Damon took another bite of his roast, then cleaned up the remains of his vegetable raal with a piece of bread. The table exchanged sombre glances, an oasis of silence amongst the raucous din. Sasha met no one's gaze and simply stared at the central fire. Lord Rashyd was dead, and Hadryn province, the greatest of Lenayin's three northern provinces, was now without its leader. And now the Falcon Guard were riding from Baen-Tar to take revenge on Lord Krayliss of neighbouring Taneryn province. It seemed that the age-old conflict between Hadryn and Taneryn had flared once more, with all the ancient, treacherous history that entailed. Sasha did not trust herself to speak, lest some slip of caution unleash the seething in her gut.

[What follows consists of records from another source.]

Lemma consecutive_triple_sys_210 (A B C x al : F) : al != 0 ->
  A + B + C = 0 -> A * x + B * (x + 1) + C * (x + 2%:R) = 0 ->
  A * al + B * (al * w) + C * (al * w ^+ 2) = 0 -> A = 0.
Proof.
move=> al0 e0 e1 e2.
set E0 := (X in X = 0) in e0; set E1 := (X in X = 0) in e1; set E2 := (X in X = 0) in e2.
apply: (mulIf_eq0 (_ : al * (w - 1) ^+ 2 != 0)).
  by rewrite mulf_neq0 // expf_neq0 // subr_eq0 prim3_neq1.
linear_combination (E2 - al * E0 - al * (w - 1) * (E1 - x * E0)
                    + al * (w - 1) ^+ 2 * (E0 - (E1 - x * E0))).
by rewrite e0 e1 e2; ring.
Qed.

Lemma adjacent_triple_sys_220 (A B C x y al be : F) : B != 0 -> al != 0 ->
  A + B + C = 0 -> A * x + B * (x + 1) + C * y = 0 ->
  A * al + B * (al * w) + C * be = 0 ->
  A * al * x + B * (al * w) * (x + 1) + C * be * y = 0 -> A = 0.
Proof.
move=> B0 al0 e0 e1 e2 e3.
set E0 := (X in X = 0) in e0; set E1 := (X in X = 0) in e1.
set E2 := (X in X = 0) in e2; set E3 := (X in X = 0) in e3.
have be_eq : al * w - be = 0.
  apply: (mulIf_eq0 B0).
  by linear_combination (E3 - x * E2 - be * (E1 - x * E0)); rewrite e0 e1 e2 e3; ring.
apply: (mulIf_eq0 (_ : al * (1 - w) != 0)).
  by rewrite mulf_neq0 // subr_eq0 eq_sym prim3_neq1.
by linear_combination (E2 - al * w * E0 + C * (al * w - be)); rewrite e0 e2 be_eq; ring.
Qed.

Lemma adjacent_triple_sys_111 (A B C al be : F) : B != 0 -> al != 0 ->
  A + B + C = 0 -> A * al + B * (al * w) + C * be = 0 ->
  A * al ^+ 2 + B * (al * w) ^+ 2 + C * be ^+ 2 = 0 -> A = 0.
Proof.
move=> B0 al0 e0 e1 e2.
set E0 := (X in X = 0) in e0; set E1 := (X in X = 0) in e1; set E2 := (X in X = 0) in e2.
have [be_al | be_al'] := eqVneq be al.
  suff : B = 0 by move/eqP: B0.
  apply: (mulIf_eq0 (_ : al * (w - 1) != 0)).
    by rewrite mulf_neq0 // subr_eq0 prim3_neq1.
  by linear_combination (E1 - al * E0 + C * (al - be)); rewrite e0 e1 be_al; ring.
(* The quadratic (t - al w)(t - be) vanishes at two of the three nodes. *)
apply: (mulIf_eq0 (_ : al * (1 - w) * (al - be) != 0)).
  by rewrite !mulf_neq0 // subr_eq0 1?eq_sym ?prim3_neq1.
by linear_combination (E2 - (al * w + be) * E1 + al * w * be * E0); rewrite e0 e1 e2; ring.
Qed.

Lemma consecutive_quad_sys_310 (A B C D x al : F) : 2%:R != 0 :> F -> al != 0 ->
  A + B + C + D = 0 ->
  A * x + B * (x + 1) + C * (x + 2%:R) + D * (x + 3%:R) = 0 ->
  A * (x * (x - 1)) + B * ((x + 1) * x) + C * ((x + 2%:R) * (x + 1))
    + D * ((x + 3%:R) * (x + 2%:R)) = 0 ->
  A * al + B * (al * w) + C * (al * w ^+ 2) + D * (al * w ^+ 3) = 0 -> A = 0.
Proof.
move=> two0 al0 e0 e1 e2 e3.
set E0 := (X in X = 0) in e0; set E1 := (X in X = 0) in e1.
set E2 := (X in X = 0) in e2; set E3 := (X in X = 0) in e3.
apply: (mulIf_eq0 (_ : 2%:R * 3%:R * al * w * (w - 1) != 0)).
  by rewrite !mulf_neq0 ?prim3_char ?prim3_neq0 // subr_eq0 prim3_neq1.
(* With a + b k + c k(k-1) the quadratic equal to -w^k at k = 1, 2, 3, the
   multipliers of the three moment equations are 2a, 2b and 2c. *)
linear_combination (2%:R * (E3 - D * al * (w ^+ 3 - 1))
  + al * ((6%:R * w ^+ 2 - 6%:R * w - 2%:R) * E0
          + (4%:R * w - 6%:R * w ^+ 2 + 2%:R) * (E1 - x * E0)
          + (2%:R * w ^+ 2 - w - 1) * (E2 - 2%:R * x * E1 + x * (x + 1) * E0))).
by rewrite e0 e1 e2 e3 prim3_expr3; ring.
Qed.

Lenayin had ten provinces-eleven, if one counted the city lands of royal Baen-Tar. A century earlier the Liberation had permanently established longdisputed borders and created a class of nobility to rule over them. In all of the provinces save one, the nobility were Verenthane. The one exception, of course, was Taneryn. Lord Krayliss was the only Goeren-yai great lord in Lenayin. No surprise then that the Hadryn-Taneryn border remained the most troubled in Lenayin. To all the many causes for countless centuries of war between the Hadryn and Taneryn, the Liberation had added religion.

As grand as the Liberation had been, not all the Lenay peoples had shared in its benefits. For the Udalyn peoples, the Liberation had proven a disaster. Today, they lived trapped in their valley within the boundaries of Hadryn, holding fiercely to the old ways, despite the Hadryn's attempts to convert them or kill them. The Taneryn considered them heroes. The Hadryn, heretics. It remained perhaps the most emotive of unresolved conflicts in Lenayin. For Goeren-yai across Lenayin, the Udalyn represented antiquity, the old ways from before the Liberation, too strong to die, too proud to give up the fight. If the Udalyn were somehow involved in this latest calamity, Sasha reckoned, then matters could become very grim indeed.

"Rashyd's men were on manoeuvre, we heard," said Captain Tyrun, downing his mouthful with a gulp of wine. Tyrun had a lean, angular face, like the falcon from which his unit took its name. His nose was large, his moustache broad and drooping. Less well clipped, Sasha noted with reluctant curiosity, than most Verenthane officers, although his face bore no sign of the ink quill, nor his ears of rings or other, pagan decoration. Most likely he was no Goeren-yai, although if he wore a Verenthane medallion, it lay hidden beneath his tunic. "It seems he was killed within Taneryn borders. What he was doing there, if he was there, we don't know."

"Making nuisance, most likely," Teriyan remarked around a mouthful. "Hadryn's claimed the western parts of Taneryn for centuries, damn Rashyd's been angling for a war since his father died."

"Words were exchanged," Tyrun continued, ignoring the dark look that Damon fixed on Teriyan. "A fight ensued between Rashyd's men and Krayliss's. Some were killed on both sides. And Krayliss killed Rashyd personally, with clear intent. So the messenger said."